The Australian government will have a new help in watching out and trying to prevent shark attacks on its beaches. Starting next month, authorities will also be relying on Little Ripper drones, ones that will be using artificial intelligence for surveillance techniques.
Little Ripper Drones to Be Used for Surveillance and Help
Little Ripper drones are designed to stay afloat for two and a half hours at a time. They will be using on board cameras to monitor the waters and beaches of Australia. The data gathered will then be forwarded to artificial intelligence-based networks.

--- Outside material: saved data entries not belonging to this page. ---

Lemma average_bound (R : numFieldType) (c N a s : nat) : 0 < N -> a <= c * N ->
  ((c%:R - a%:R / N%:R <= s%:R / N%:R :> R)%R = (c * N - a <= s)) /\
  ((s%:R / N%:R = c%:R - a%:R / N%:R :> R)%R <-> s = c * N - a).
Proof.
move=> N_gt0 le_a; have N_neq0 : (N%:R != 0 :> R)%R by rewrite pnatr_eq0 -lt0n.
have -> : (c%:R - a%:R / N%:R : R)%R = ((c * N - a)%:R / N%:R)%R.
  by rewrite natrB // natrM mulrBl mulfK.
split; first by rewrite ler_pM2r ?invr_gt0 ?ltr0n // ler_nat.
split=> [avg_eq|->] //; apply/eqP; rewrite -(eqr_nat R); apply/eqP.
by apply: (mulIf (invr_neq0 N_neq0)); exact: avg_eq.
Qed.

Lemma graph_iso_inv (T T' : finType) (e : rel T) (e' : rel T') (g : T' -> T) :
  bijective g -> (forall p q, e (g p) (g q) = e' p q) -> graph_iso e e'.
Proof.
case=> f gK fK g_edge; exists f; split; first by exists g.
by move=> x y; rewrite -g_edge !fK.
Qed.

Lemma card_dominating_iso (T T' : finType) (e : rel T) (e' : rel T') :
  graph_iso e e' -> #|[set v | dominating e v]| = #|[set v | dominating e' v]|.
Proof.
case=> f [f_bij f_edge]; have [g fK gK] := f_bij.
have dominating_f x : dominating e' (f x) = dominating e x.
  apply/forallP/forallP => dom u.
  - by move: (dom (f u)); rewrite (inj_eq (bij_inj f_bij)) f_edge.
  - by rewrite -[u]gK (inj_eq (bij_inj f_bij)) f_edge; apply: dom.
rewrite -(on_card_preimset (onW_bij _ f_bij)).
by apply: eq_card => x; rewrite !inE dominating_f.
Qed.

Lemma card_dominating_Kjoin (a b : nat) :
  1 < b -> #|[set p | dominating (@Kjoin_coK a b) p]| = a.
Proof.
move=> hb; have inl_inj : injective (@inl 'I_a 'I_b) by move=> i j [].
have -> : [set p | dominating (@Kjoin_coK a b) p] = inl @: [set: 'I_a].
  apply/setP => -[i|j]; rewrite inE.
    rewrite mem_imset // inE; apply/forallP => -[j|j] //=.
    by rewrite /complete_rel (inj_eq inl_inj) eq_sym implybb.
  have [j' j'_ne_j] : exists j', j' != j by apply: exists_other; rewrite card_ord.
  rewrite (_ : inr j \in _ = false); last by apply/imsetP => -[].
  by apply/negbTE/forallP => /(_ (inr j')); rewrite /= j'_ne_j.
by rewrite card_imset // cardsT card_ord.
Qed.

Section DominatingVertices.
Variables (T : finType) (e : rel T).
Hypotheses (esym : symmetric e) (eirr : irreflexive e).

Local Notation Dom := [set v | dominating e v].

Lemma clique_set1 x : is_clique e [set x].
Proof.
apply/forallP => a; apply/implyP; rewrite inE => /eqP ->.
by apply/forallP => b; apply/implyP; rewrite inE => /eqP ->; rewrite eqxx.
Qed.

Lemma clique_set2 x y : e x y -> is_clique e [set x; y].
Proof.
move=> exy; apply/forallP => a; apply/implyP; rewrite !inE => aP.
apply/forallP => b; apply/implyP; rewrite !inE => bP; apply/implyP.
by case/orP: aP => /eqP->; case/orP: bP => /eqP->; rewrite ?eqxx // esym.
Qed.

Lemma clique_setU_dominating C : is_clique e C -> is_clique e (C :|: Dom).
Proof.
move=> /forallP hC; apply/forallP => a; apply/implyP; rewrite inE => aCD.
apply/forallP => b; apply/implyP; rewrite inE => bCD; apply/implyP => a_ne_b.
case/orP: aCD => [aC|]; last by rewrite inE => da; apply: dominating_adj; rewrite // eq_sym.
case/orP: bCD => [bC|]; last by rewrite inE esym => db; apply: dominating_adj.
by move: (hC a); rewrite aC => /forallP /(_ b); rewrite bC a_ne_b.
Qed.

(* If no clique has more than k < #|T| vertices, some vertex does not
   dominate, and it extends the dominating vertices to a clique. *)
Lemma card_dominating_lt k :
  (forall C, is_clique e C -> #|C| <= k) -> k < #|T| -> #|Dom| < k.
Proof.
move=> bounded kT; have [x xN] : exists x, x \notin Dom.
  apply/existsP; rewrite -negb_forall; apply: contraTN kT => /forallP allD.
  have clique0 : is_clique e set0 by apply/forallP => a; rewrite inE.
  rewrite -leqNgt; apply: leq_trans (bounded _ (clique_setU_dominating clique0)).
  by rewrite subset_leq_card //; apply/subsetP => v _; rewrite inE allD orbT.
by have := bounded _ (clique_setU_dominating (clique_set1 x)); rewrite cardsU1 xN.
Qed.

(* When no clique exceeds the dominating vertices by two, the non-dominating
   vertices are pairwise non-adjacent: an edge between two of them would
   extend the dominating vertices to a larger clique. *)
Lemma nondominating_independent x y :
  (forall C, is_clique e C -> #|C| <= #|Dom|.+1) ->
  x \notin Dom -> y \notin Dom -> ~~ e x y.
Proof.
move=> bounded xN yN; apply/negP => exy.
have x_ne_y : x != y by apply: contraTneq exy => ->; rewrite eirr.
have := bounded _ (clique_setU_dominating (clique_set2 exy)).
by rewrite -setUA !cardsU1 in_setU1 negb_or x_ne_y xN yN addnS ltnn.
Qed.

(* A proper colouring is injective on every clique. *)
Lemma clique_le_colorable j C : is_clique e C -> colorable e j -> #|C| <= j.
Proof.
move=> /forallP hC /existsP[f /forallP proper].
have f_inj : {in C &, injective f}.
  move=> x y xC yC fxy; apply/eqP; apply: contraTT (xC) => x_ne_y.
  move: (hC x) (proper x) => /implyP hCx /forallP /(_ y) /implyP proper_xy.
  apply/negP => /hCx /forallP /(_ y); rewrite yC x_ne_y /= => exy.
  by move: (proper_xy exy); rewrite fxy eqxx.
rewrite -(card_in_imset f_inj).
by apply: leq_trans (max_card _) _; rewrite card_ord.
Qed.

(* Colouring each vertex by its rank is proper, so the search defining the
   chromatic number succeeds and yields a proper colouring. *)
Lemma colorable_card : colorable e #|T|.
Proof.
apply/existsP; exists [ffun x => enum_rank x]; apply/forallP => x; apply/forallP => y.
apply/implyP => exy; rewrite !ffunE (inj_eq enum_rank_inj).
by apply: contraTneq exy => ->; rewrite eirr.
Qed.

Lemma chromatic_colorable : colorable e (chromatic_number e).
Proof.
have has_col : has (colorable e) (iota 0 #|T|.+1).
  by apply/hasP; exists #|T|; rewrite ?mem_iota ?add0n ?ltnS ?leqnn ?colorable_card.
have lt_find := has_col; rewrite has_find size_iota in lt_find.
by have := nth_find 0 has_col; rewrite nth_iota.
Qed.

These will then use image recognition to differentiate between the photos. In doing so, they will try and decipher the presence of sharks in the water. Humans will nonetheless have the last word in case of rescue operations.
Besides spotting the predators, these drones will also be equipped to try and repel them. They might also aid rescuers through its onboard equipment.
These Little Ripper drones will come equipped with a repellant, that, in case of an attack, will be dispelled so as to keep a shark at bay in the event of an attack. This solution should give enough time for the rescuers to intervene.
Also, they will be carrying GPS beacons, for a quicker find, and inflatable rafts. The drones should be 90 percent accurate in spotting and identifying sharks.
“It’s not about replacing human beings all together, it’s about assisting human beings to get the work done in a better way with more accuracy. That’s what the application is meant for,” said one of the researchers associated with the project, Dr. Nabin Sharma.
The drones will also be useful in spotting whales, dolphins, and other sea creatures. In watching them, they will also be providing scientists with research data.
According to reports, flying the Little Ripper drones will also be less expensive than using helicopters for surveillance reasons.